Exercise brief –
Keep only the lines from the start of the data through the line containing "(if (enum_val j", and output them exactly.

Data provided –
# # # # # # #
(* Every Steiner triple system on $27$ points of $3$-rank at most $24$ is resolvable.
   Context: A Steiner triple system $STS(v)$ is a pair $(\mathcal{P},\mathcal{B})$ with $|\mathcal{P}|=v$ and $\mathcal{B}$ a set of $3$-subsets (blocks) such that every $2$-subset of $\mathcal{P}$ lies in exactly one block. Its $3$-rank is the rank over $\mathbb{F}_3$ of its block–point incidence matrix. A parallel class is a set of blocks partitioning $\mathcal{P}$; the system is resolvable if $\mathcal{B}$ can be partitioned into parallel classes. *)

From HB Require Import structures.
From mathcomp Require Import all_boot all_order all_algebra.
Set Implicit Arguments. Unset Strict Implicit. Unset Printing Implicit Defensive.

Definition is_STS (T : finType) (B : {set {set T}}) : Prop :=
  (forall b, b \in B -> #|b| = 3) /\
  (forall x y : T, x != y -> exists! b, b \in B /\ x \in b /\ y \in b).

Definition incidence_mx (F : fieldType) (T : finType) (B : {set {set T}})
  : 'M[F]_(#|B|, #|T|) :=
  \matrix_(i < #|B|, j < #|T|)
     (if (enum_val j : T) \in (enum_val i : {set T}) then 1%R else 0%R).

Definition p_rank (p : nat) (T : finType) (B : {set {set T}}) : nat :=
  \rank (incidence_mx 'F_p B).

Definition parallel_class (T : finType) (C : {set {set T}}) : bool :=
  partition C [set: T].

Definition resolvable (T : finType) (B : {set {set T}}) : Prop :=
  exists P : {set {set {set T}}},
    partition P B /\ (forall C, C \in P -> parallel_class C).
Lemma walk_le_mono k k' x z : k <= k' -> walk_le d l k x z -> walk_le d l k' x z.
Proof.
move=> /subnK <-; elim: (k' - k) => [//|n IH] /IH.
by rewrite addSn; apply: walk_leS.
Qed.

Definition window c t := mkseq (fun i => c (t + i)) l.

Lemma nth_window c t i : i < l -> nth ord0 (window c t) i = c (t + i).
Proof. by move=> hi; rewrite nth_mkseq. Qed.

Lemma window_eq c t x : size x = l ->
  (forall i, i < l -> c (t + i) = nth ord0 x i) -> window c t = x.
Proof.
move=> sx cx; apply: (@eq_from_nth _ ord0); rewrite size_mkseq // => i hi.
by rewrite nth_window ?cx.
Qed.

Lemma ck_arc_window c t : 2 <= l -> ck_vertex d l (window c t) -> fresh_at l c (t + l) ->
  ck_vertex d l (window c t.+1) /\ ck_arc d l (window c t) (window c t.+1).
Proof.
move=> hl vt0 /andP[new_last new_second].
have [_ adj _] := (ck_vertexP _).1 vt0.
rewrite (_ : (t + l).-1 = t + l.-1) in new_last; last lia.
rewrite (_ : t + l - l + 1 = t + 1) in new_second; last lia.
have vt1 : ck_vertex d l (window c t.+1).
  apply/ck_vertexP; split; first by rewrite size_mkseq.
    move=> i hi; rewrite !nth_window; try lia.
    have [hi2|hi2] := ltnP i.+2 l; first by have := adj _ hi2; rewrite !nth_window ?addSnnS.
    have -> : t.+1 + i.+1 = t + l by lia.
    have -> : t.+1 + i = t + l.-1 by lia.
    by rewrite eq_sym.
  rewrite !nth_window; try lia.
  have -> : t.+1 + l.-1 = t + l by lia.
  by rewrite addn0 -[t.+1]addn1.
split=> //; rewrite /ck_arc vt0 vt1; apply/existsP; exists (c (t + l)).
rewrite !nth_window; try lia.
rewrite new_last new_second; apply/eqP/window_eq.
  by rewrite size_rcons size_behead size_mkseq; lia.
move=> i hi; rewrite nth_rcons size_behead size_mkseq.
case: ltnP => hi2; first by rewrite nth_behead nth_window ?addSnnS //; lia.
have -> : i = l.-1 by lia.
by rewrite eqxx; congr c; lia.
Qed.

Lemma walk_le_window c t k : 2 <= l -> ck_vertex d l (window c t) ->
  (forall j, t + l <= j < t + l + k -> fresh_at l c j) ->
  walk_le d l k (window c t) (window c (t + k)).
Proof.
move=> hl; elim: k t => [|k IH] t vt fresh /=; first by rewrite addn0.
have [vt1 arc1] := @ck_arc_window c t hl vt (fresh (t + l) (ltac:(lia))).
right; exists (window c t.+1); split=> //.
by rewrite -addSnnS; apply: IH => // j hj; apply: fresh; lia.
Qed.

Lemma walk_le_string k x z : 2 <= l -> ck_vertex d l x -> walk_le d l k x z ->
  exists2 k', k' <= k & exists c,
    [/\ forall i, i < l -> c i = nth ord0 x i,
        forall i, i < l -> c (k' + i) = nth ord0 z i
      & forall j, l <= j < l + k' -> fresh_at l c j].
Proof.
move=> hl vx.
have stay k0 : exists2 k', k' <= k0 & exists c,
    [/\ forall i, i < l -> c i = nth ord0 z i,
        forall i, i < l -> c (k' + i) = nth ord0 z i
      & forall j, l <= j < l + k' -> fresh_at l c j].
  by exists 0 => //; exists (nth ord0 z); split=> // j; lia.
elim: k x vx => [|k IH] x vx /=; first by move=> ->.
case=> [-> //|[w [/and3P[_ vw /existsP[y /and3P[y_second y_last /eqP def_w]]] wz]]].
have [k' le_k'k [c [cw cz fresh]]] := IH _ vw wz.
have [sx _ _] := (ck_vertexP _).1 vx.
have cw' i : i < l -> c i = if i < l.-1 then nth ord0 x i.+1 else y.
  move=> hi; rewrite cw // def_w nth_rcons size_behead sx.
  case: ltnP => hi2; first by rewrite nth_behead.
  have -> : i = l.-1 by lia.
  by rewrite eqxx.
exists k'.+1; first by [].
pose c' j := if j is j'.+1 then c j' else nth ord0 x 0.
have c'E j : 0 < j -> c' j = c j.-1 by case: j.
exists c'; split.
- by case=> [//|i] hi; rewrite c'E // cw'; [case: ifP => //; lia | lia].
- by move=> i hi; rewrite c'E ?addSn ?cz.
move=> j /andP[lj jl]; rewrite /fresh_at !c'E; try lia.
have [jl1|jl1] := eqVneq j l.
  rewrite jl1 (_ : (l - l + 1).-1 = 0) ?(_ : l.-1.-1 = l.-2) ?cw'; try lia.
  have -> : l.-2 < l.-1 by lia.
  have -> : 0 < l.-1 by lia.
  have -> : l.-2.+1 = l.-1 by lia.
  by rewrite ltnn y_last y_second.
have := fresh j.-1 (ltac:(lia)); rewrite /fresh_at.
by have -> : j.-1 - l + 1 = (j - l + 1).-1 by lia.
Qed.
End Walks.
# # # # # # #
Exercise answer –
(* Every Steiner triple system on $27$ points of $3$-rank at most $24$ is resolvable.
   Context: A Steiner triple system $STS(v)$ is a pair $(\mathcal{P},\mathcal{B})$ with $|\mathcal{P}|=v$ and $\mathcal{B}$ a set of $3$-subsets (blocks) such that every $2$-subset of $\mathcal{P}$ lies in exactly one block. Its $3$-rank is the rank over $\mathbb{F}_3$ of its block–point incidence matrix. A parallel class is a set of blocks partitioning $\mathcal{P}$; the system is resolvable if $\mathcal{B}$ can be partitioned into parallel classes. *)

From HB Require Import structures.
From mathcomp Require Import all_boot all_order all_algebra.
Set Implicit Arguments. Unset Strict Implicit. Unset Printing Implicit Defensive.

Definition is_STS (T : finType) (B : {set {set T}}) : Prop :=
  (forall b, b \in B -> #|b| = 3) /\
  (forall x y : T, x != y -> exists! b, b \in B /\ x \in b /\ y \in b).

Definition incidence_mx (F : fieldType) (T : finType) (B : {set {set T}})
  : 'M[F]_(#|B|, #|T|) :=
  \matrix_(i < #|B|, j < #|T|)
     (if (enum_val j : T) \in (enum_val i : {set T}) then 1%R else 0%R).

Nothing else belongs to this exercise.